Redis mem_fragmentation_ratio high: jemalloc fragmentation and active defrag
A mem_fragmentation_ratio sustained above 1.5 on a production instance means Redis holds significantly more physical memory (RSS) than its logical dataset size (used_memory), wasting RAM that could hold data or absorb spikes. This is not a memory leak. Redis uses jemalloc by default, which does not return freed pages to the OS eagerly. Deleted or resized keys leave holes in allocator arenas, inflating RSS while used_memory stays flat or drops.
The immediate risk is OOM kill. The Linux OOM killer targets RSS. An instance with 20 GB of logical data and a fragmentation ratio of 2.0 occupies 40 GB RAM. A background fork for RDB or AOF copy-on-write can push RSS over a 48 GB host or cgroup limit and kill the process, even though the dataset appears to fit.

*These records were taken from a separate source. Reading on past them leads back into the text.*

(* For all $k,r\ge 0$, every graph in $M^k_r$ is connected and has diameter at most $2^r$.
   Context: Colors are red, blue, green. A $k$-precolored graph is a finite graph together with an assignment of colors to at most $k$ of its vertices. The game $\mathcal{G}^k_r(H)$ on a $k$-precolored graph $H$ starts from the given precoloring and lasts $r$ rounds; in each round Spoiler may erase the colors of some currently colored vertices and then selects a vertex, which Duplicator colors with one of the three colors; after each round at most $k$ vertices may be colored. Duplicator wins if the initial partial coloring and the partial coloring after each round are proper; otherwise Spoiler wins. A subgraph $H'$ of a $k$-precolored graph $H$ is a subgraph of the underlying graph in which every vertex colored in $H'$ has the same color in $H$ (vertices colored in $H$ may be uncolored in $H'$); it is proper if $H'\ne H$ as precolored graphs. $M^k_r$ is the family of all $k$-precolored graphs $H$ such that Spoiler has a winning strategy in $\mathcal{G}^k_r(H)$ while Duplicator has a winning strategy in $\mathcal{G}^k_r(K)$ for every proper subgraph $K$ of $H$. *)

From mathcomp Require Import all_boot.
Set Implicit Arguments. Unset Strict Implicit. Unset Printing Implicit Defensive.

Definition color := 'I_3.

(* A (partially) precolored finite simple graph whose vertex set is a subset
   [pv] of an ambient finite type [T]. Edges [pe], partial coloring [pc]. *)
Record pgraph (T : finType) := PGraph {
  pv : {set T};
  pe : rel T;
  pc : {ffun T -> option color}
}.

Definition colored (T : finType) (p : {ffun T -> option color}) : {set T} :=
  [set x | p x != None].

Definition wf_pgraph (T : finType) (G : pgraph T) : Prop :=
  (forall x y, pe G x y = pe G y x) /\
  (forall x, ~~ pe G x x) /\
  (forall x y, pe G x y -> x \in pv G /\ y \in pv G) /\
  (forall x, pc G x != None -> x \in pv G).

Definition kprecolored (k : nat) (T : finType) (G : pgraph T) : Prop :=
  wf_pgraph G /\ #|colored (pc G)| <= k.

Definition subgraph (T : finType) (K H : pgraph T) : Prop :=
  pv K \subset pv H /\
  (forall x y, pe K x y -> pe H x y) /\
  (forall x c, pc K x = Some c -> pc H x = Some c).

Definition same_pgraph (T : finType) (K H : pgraph T) : Prop :=
  pv K = pv H /\ (forall x y, pe K x y = pe H x y) /\ pc K = pc H.

Definition proper_subgraph (T : finType) (K H : pgraph T) : Prop :=
  wf_pgraph K /\ subgraph K H /\ ~ same_pgraph K H.

Definition proper_coloring (T : finType) (e : rel T) (p : {ffun T -> option color}) : Prop :=
  forall x y a b, e x y -> p x = Some a -> p y = Some b -> a <> b.

(* Duplicator colors v with c *)
Definition upd (T : finType) (p : {ffun T -> option color}) (v : T) (c : color)
  : {ffun T -> option color} :=
  [ffun x => if x == v then Some c else p x].

(* Spoiler's legal move from p: erase some colors (giving p'), then select
   a vertex v of the graph, such that after the round at most k vertices are
   colored. *)
Definition legal_move (k : nat) (T : finType) (G : pgraph T)
  (p p' : {ffun T -> option color}) (v : T) : Prop :=
  (forall x, p' x = p x \/ p' x = None) /\ v \in pv G /\
  (forall c, #|colored (upd p' v c)| <= k).

Fixpoint spoiler_wins (k : nat) (T : finType) (G : pgraph T) (r : nat)
  (p : {ffun T -> option color}) : Prop :=
  ~ proper_coloring (pe G) p \/
  match r with
  | 0 => False
  | r'.+1 => exists p' v, legal_move k G p p' v /\
               forall c, spoiler_wins k G r' (upd p' v c)
  end.

Fixpoint duplicator_wins (k : nat) (T : finType) (G : pgraph T) (r : nat)
  (p : {ffun T -> option color}) : Prop :=
  proper_coloring (pe G) p /\
  match r with
  | 0 => True
  | r'.+1 => forall p' v, legal_move k G p p' v ->
               exists c, duplicator_wins k G r' (upd p' v c)
  end.

Definition in_M (k r : nat) (T : finType) (H : pgraph T) : Prop :=
  kprecolored k H /\ spoiler_wins k H r (pc H) /\
  (forall K : pgraph T, proper_subgraph K H -> duplicator_wins k K r (pc K)).

Definition pconnected (T : finType) (G : pgraph T) : Prop :=
  forall x y, x \in pv G -> y \in pv G -> connect (pe G) x y.

Definition diameter_le (T : finType) (G : pgraph T) (d : nat) : Prop :=
  forall x y, x \in pv G -> y \in pv G ->
    exists s : seq T, [/\ path (pe G) x s, last x s = y & size s <= d].

From Stdlib Require Import Classical.
From mathcomp Require Import all_boot.

Set Implicit Arguments. Unset Strict Implicit. Unset Printing Implicit Defensive.

(* The idea is to extract from any Spoiler win a small "witness" subgraph.
   Say that K is an r-witness for a graph G with a coloring p if K is a
   well-formed subgraph of G whose precoloring is a restriction of p, on
   which Spoiler already wins the r-round game, and whose diameter is at
   most 2^r.  By induction on r, Spoiler winning on (G, p) in r rounds
   yields an r-witness:
   - an improper coloring is witnessed by a single monochromatic edge;
   - otherwise Spoiler erases to p' and selects v, and for each answer c
     we get an (r-1)-witness K_c for (G, upd p' v c).  If some K_c avoids
     v it is already an r-witness for (G, p); if all of them contain v,
     their union (colored by p) is an r-witness: Spoiler plays the same
     first move on it and then follows the strategy on K_c, and any two
     vertices are joined through v by two paths of length at most 2^(r-1).
   For H in M^k_r, minimality forces the witness to be H itself. *)

Section Game.

Variables (k : nat) (T : finType).
Implicit Types (G K : pgraph T) (p q : {ffun T -> option color}).

Definition sub_coloring q p : Prop := forall x c, q x = Some c -> p x = Some c.

Lemma wf_colored_in G x c : wf_pgraph G -> pc G x = Some c -> x \in pv G.
Proof. by case=> _ [_ [_ colG]] Gx; apply: colG; rewrite Gx. Qed.

Lemma spoiler_wins_improper G r p :
  ~ proper_coloring (pe G) p -> spoiler_wins k G r p.
Proof. by case: r => [|r] improper; left. Qed.

Lemma spoiler_wins_S G r p : spoiler_wins k G r p -> spoiler_wins k G r.+1 p.
Proof.
elim: r p => [|r IH] p /=; first by case=> // improper; left.
case=> [improper|[p' [v [legal win]]]]; first by left.
by right; exists p', v; split=> // c; apply: IH.
Qed.

Lemma improper_sub (e e' : rel T) q p :
  subrel e e' -> sub_coloring q p ->
  ~ proper_coloring e q -> ~ proper_coloring e' p.
Proof.
move=> sub_e sub_qp improper proper; apply: improper => x y a b exy qx qy.
exact: proper x y a b (sub_e _ _ exy) (sub_qp _ _ qx) (sub_qp _ _ qy).
Qed.

(* Spoiler's strategy on a subgraph K started from a restriction q of p is
   also a strategy on G from p: the first erasure additionally removes the
   colors of p that q does not have, and afterwards both games coincide. *)
Lemma spoiler_wins_sub K G r q p :
  pv K \subset pv G -> subrel (pe K) (pe G) -> sub_coloring q p ->
  spoiler_wins k K r q -> spoiler_wins k G r p.
Proof.
move=> sub_v sub_e; elim: r q p => [|r IH] q p sub_qp /=.
  by case=> // improper; left; apply: improper_sub improper.
case=> [improper|[q' [v [[erase [vK legal] win]]]]].
  by left; apply: improper_sub improper.
right; exists q', v; split; last by move=> c; apply: IH (win c).
split; last by split=> //; apply: (subsetP sub_v).
move=> x; case: (erase x) => ->; last by right.
by case qx: (q x) => [c|]; [left; rewrite (sub_qp _ _ qx) | right].
Qed.

Lemma spoiler_duplicator_excl G r p :
  spoiler_wins k G r p -> duplicator_wins k G r p -> False.
Proof.
elim: r p => [|r IH] p /=; first by case=> // improper [proper _].
case=> [improper [proper _]|[p' [v [legal win]]] [_ dup]]; first exact: improper.
by have [c dup_c] := dup _ _ legal; apply: IH (win c) dup_c.
Qed.

Lemma diameter_le_leq G d d' : d <= d' -> diameter_le G d -> diameter_le G d'.
Proof.
move=> le_dd' diamG x y xG yG; have [s [ps ls sz]] := diamG x y xG yG.
by exists s; split=> //; apply: leq_trans le_dd'.
Qed.

Lemma diameter_connected G d : diameter_le G d -> pconnected G.
Proof.
move=> diamG x y xG yG; have [s [ps ls _]] := diamG x y xG yG.
by apply/connectP; exists s.
Qed.

Definition restrict (A : {set T}) p : {ffun T -> option color} :=
  [ffun x => if x \in A then p x else None].

Lemma restrictE A p x : restrict A p x = if x \in A then p x else None.
Proof. exact: ffunE. Qed.

Lemma restrict_sub A p : sub_coloring (restrict A p) p.
Proof. by move=> x c; rewrite restrictE; case: (x \in A). Qed.

Lemma restrict_colored_in A p x : restrict A p x != None -> x \in A.
Proof. by rewrite restrictE; case: (x \in A). Qed.

Definition witness G p r K : Prop :=
  [/\ wf_pgraph K, subgraph K (PGraph (pv G) (pe G) p),
      spoiler_wins k K r (pc K) & diameter_le K (2 ^ r)].

Definition edge_pgraph (x y : T) p : pgraph T :=
  PGraph [set x; y]
    (fun u w => ((u == x) && (w == y)) || ((u == y) && (w == x)))
    (restrict [set x; y] p).

Lemma edge_witness G p r x y a :
  wf_pgraph G -> pe G x y -> p x = Some a -> p y = Some a ->
  witness G p r (edge_pgraph x y p).
Proof.
move=> [symG [irrG [endsG _]]] exy px py.
have neq_xy : x != y by apply: contraTneq exy => <-; apply: irrG.
have [xG yG] := endsG _ _ exy.
split.
- split; first by move=> u w /=; rewrite orbC [(w == y) && _]andbC [(w == x) && _]andbC.
  split; first by move=> u /=; apply/negP => /orP[] /andP[/eqP-> /eqP uv];
    move: neq_xy; rewrite uv eqxx.
  split; first by move=> u w /= /orP[] /andP[/eqP-> /eqP->]; rewrite !inE !eqxx ?orbT.
  by move=> u; apply: restrict_colored_in.
- split; first by apply/subsetP => u; rewrite !inE => /orP[] /eqP->.
  split; last exact: restrict_sub.
  by move=> u w /= /orP[] /andP[/eqP-> /eqP->] //; rewrite symG.
- apply: spoiler_wins_improper => proper; apply: (proper x y a a) => //=.
  + by rewrite !eqxx.
  + by rewrite ffunE !inE eqxx.
  + by rewrite ffunE !inE eqxx orbT.
- apply: diameter_le_leq (expn_gt0 2 r) _ => u w /=; rewrite !inE.
  case/orP=> /eqP->; case/orP=> /eqP->.
  + by exists [::].
  + by exists [:: y]; rewrite /= !eqxx.
  + by exists [:: x]; rewrite /= !eqxx orbT.
  + by exists [::].
Qed.

Lemma improper_witness G p r :
  wf_pgraph G -> ~ proper_coloring (pe G) p -> exists K, witness G p r K.
Proof.
move=> wfG improper; apply: NNPP => no_witness; apply: improper.
move=> x y a b exy px py eq_ab; apply: no_witness; subst b.
by exists (edge_pgraph x y p); apply: edge_witness wfG exy px py.
Qed.

Lemma witness_avoiding G p p' v c r K :
  (forall x, p' x = p x \/ p' x = None) ->
  witness G (upd p' v c) r K -> v \notin pv K -> witness G p r.+1 K.
Proof.
move=> erase [wfK [sub_v [sub_e sub_c]] winK diamK] vK; split=> //.
- split=> //; split=> // x c' Kx.
  have xK := wf_colored_in wfK Kx.
  move: (sub_c _ _ Kx); rewrite ffunE; case: eqP => [xv | _].
    by move: vK; rewrite -xv xK.
  by case: (erase x) => [<- | ->].
- exact: spoiler_wins_S.
- by apply: diameter_le_leq diamK; rewrite leq_exp2l.
Qed.

Definition union_pgraph (I : finType) (K : I -> pgraph T) p : pgraph T :=
  PGraph (\bigcup_i pv (K i)) (fun x y => [exists i, pe (K i) x y])
    (restrict (\bigcup_i pv (K i)) p).

Section Union.

Variables (I : finType) (K : I -> pgraph T) (p : {ffun T -> option color}).
Hypothesis wfK : forall i, wf_pgraph (K i).

Lemma union_wf : wf_pgraph (union_pgraph K p).
Proof.
split; first by move=> x y /=; apply/existsP/existsP => -[i e]; exists i;
  case: (wfK i) => symK _; rewrite symK.
split; first by move=> x /=; rewrite negb_exists; apply/forallP => i;
  case: (wfK i) => _ [irrK _].
split; last by move=> x; apply: restrict_colored_in.
move=> x y /= /existsP[i e]; case: (wfK i) => _ [_ [endsK _]].
by have [xK yK] := endsK _ _ e; split; apply/bigcupP; exists i.
Qed.

Lemma union_subgraph G :
  (forall i, pv (K i) \subset pv G /\ subrel (pe (K i)) (pe G)) ->
  subgraph (union_pgraph K p) (PGraph (pv G) (pe G) p).
Proof.
move=> subK; split; first by apply/bigcupsP => i _; case: (subK i).
split; last exact: restrict_sub.
by move=> x y /= /existsP[i e]; case: (subK i) => _; apply.
Qed.

Lemma union_diameter v d :
  (forall i, v \in pv (K i)) -> (forall i, diameter_le (K i) d) ->
  diameter_le (union_pgraph K p) (d + d).
Proof.
move=> vK diamK x y /bigcupP[i _ xi] /bigcupP[j _ yj].
have [s1 [path1 last1 size1]] := diamK i x v xi (vK i).
have [s2 [path2 last2 size2]] := diamK j v y (vK j) yj.
have sub_union l : subrel (pe (K l)) (pe (union_pgraph K p)).
  by move=> u w e; apply/existsP; exists l.
exists (s1 ++ s2); split.
- by rewrite cat_path last1 (sub_path (sub_union i)) ?(sub_path (sub_union j)).
- by rewrite last_cat last1.
- by rewrite size_cat leq_add.
Qed.

End Union.

(* If, after Spoiler's move (erase p to p', select v), Spoiler wins on a
   graph K_c containing v against each answer c, then Spoiler wins on the
   union of the K_c by playing the same move and then the strategy on K_c. *)
Lemma union_spoiler_wins p p' v r (K : color -> pgraph T) :
  (forall x, p' x = p x \/ p' x = None) ->
  (forall c, #|colored (upd p' v c)| <= k) ->
  (forall c, wf_pgraph (K c)) -> (forall c, v \in pv (K c)) ->
  (forall c, sub_coloring (pc (K c)) (upd p' v c)) ->
  (forall c, spoiler_wins k (K c) r (pc (K c))) ->
  spoiler_wins k (union_pgraph K p) r.+1 (pc (union_pgraph K p)).
Proof.
move=> erase legal wfK vK subK winK; right.
exists (restrict (\bigcup_c pv (K c)) p'), v; split.
  split; first by move=> x; rewrite /= !ffunE; case: (x \in _); [apply: erase | right].
  split; first by apply/bigcupP; exists ord0.
  move=> c; apply: leq_trans (legal c); apply/subset_leq_card/subsetP => x.
  by rewrite !inE !ffunE; case: (x == v); last case: (x \in _).
move=> c; apply: spoiler_wins_sub (winK c).
- exact: (bigcup_sup c).
- by move=> x y e; apply/existsP; exists c.
- move=> x c' Kx; have xV : x \in \bigcup_c pv (K c).
    by apply/bigcupP; exists c => //; apply: wf_colored_in Kx.
  by move: (subK _ _ _ Kx); rewrite !ffunE xV.
Qed.

Lemma witness_exists G r p :
  wf_pgraph G -> spoiler_wins k G r p -> exists K, witness G p r K.
Proof.
move=> wfG; elim: r p => [|r IH] p /=.
  by case=> // improper; apply: improper_witness.
case=> [improper|[p' [v [[erase [_ legal]] win]]]].
  exact: improper_witness.
have [K witK] := fin_all_exists (fun c => IH _ (win c)).
case: (boolP [exists c, v \notin pv (K c)]) => [/existsP[c vKc] | /existsPn vK].
  by exists (K c); apply: witness_avoiding (witK c) vKc.
have {}vK c : v \in pv (K c) by move: (vK c); rewrite negbK.
have wfK c : wf_pgraph (K c) by case: (witK c).
exists (union_pgraph K p); split.
- exact: union_wf.
- by apply: union_subgraph => c; case: (witK c) => _ [sub_v [sub_e _]].
- apply: union_spoiler_wins erase legal wfK vK _ _ => c; case: (witK c) => //.
  by move=> _ [_ [_ sub_c]].
- rewrite expnS mul2n -addnn; apply: union_diameter vK _ => c.
  by case: (witK c).
Qed.

End Game.

Theorem lemma6 (k r : nat) (T : finType) (H : pgraph T) :
  in_M k r H -> pconnected H /\ diameter_le H (2 ^ r).
Proof.
move=> [[wfH _] [winH minimalH]].
have [K [wfK subKH winK diamK]] := witness_exists wfH winH.
have [eq_v [eq_e _]] : same_pgraph K H.
  apply: NNPP => neqKH; apply: spoiler_duplicator_excl winK _.
  by apply: minimalH; split=> //; split=> //; case: H {wfH winH minimalH neqKH} subKH.
have diamH : diameter_le H (2 ^ r).
  move=> x y; rewrite -eq_v => xK yK; have [s [ps ls sz]] := diamK x y xK yK.
  by exists s; split=> //; rewrite -(eq_path eq_e).
by split=> //; apply: diameter_connected diamH.
Qed.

Ignore the ratio on instances with less than 50 MB of used_memory. jemalloc’s minimum allocation granularity dominates at small scale. On larger instances, sustained elevation above 1.5 is a capacity incident.
What this means
mem_fragmentation_ratio is used_memory_rss divided by used_memory. A value of 1.0 to 1.1 is optimal; 1.1 to 1.5 is common for active workloads. Sustained values above 1.5 indicate significant waste. Values below 1.0 on instances larger than 100 MB suggest swap, which is catastrophic for latency.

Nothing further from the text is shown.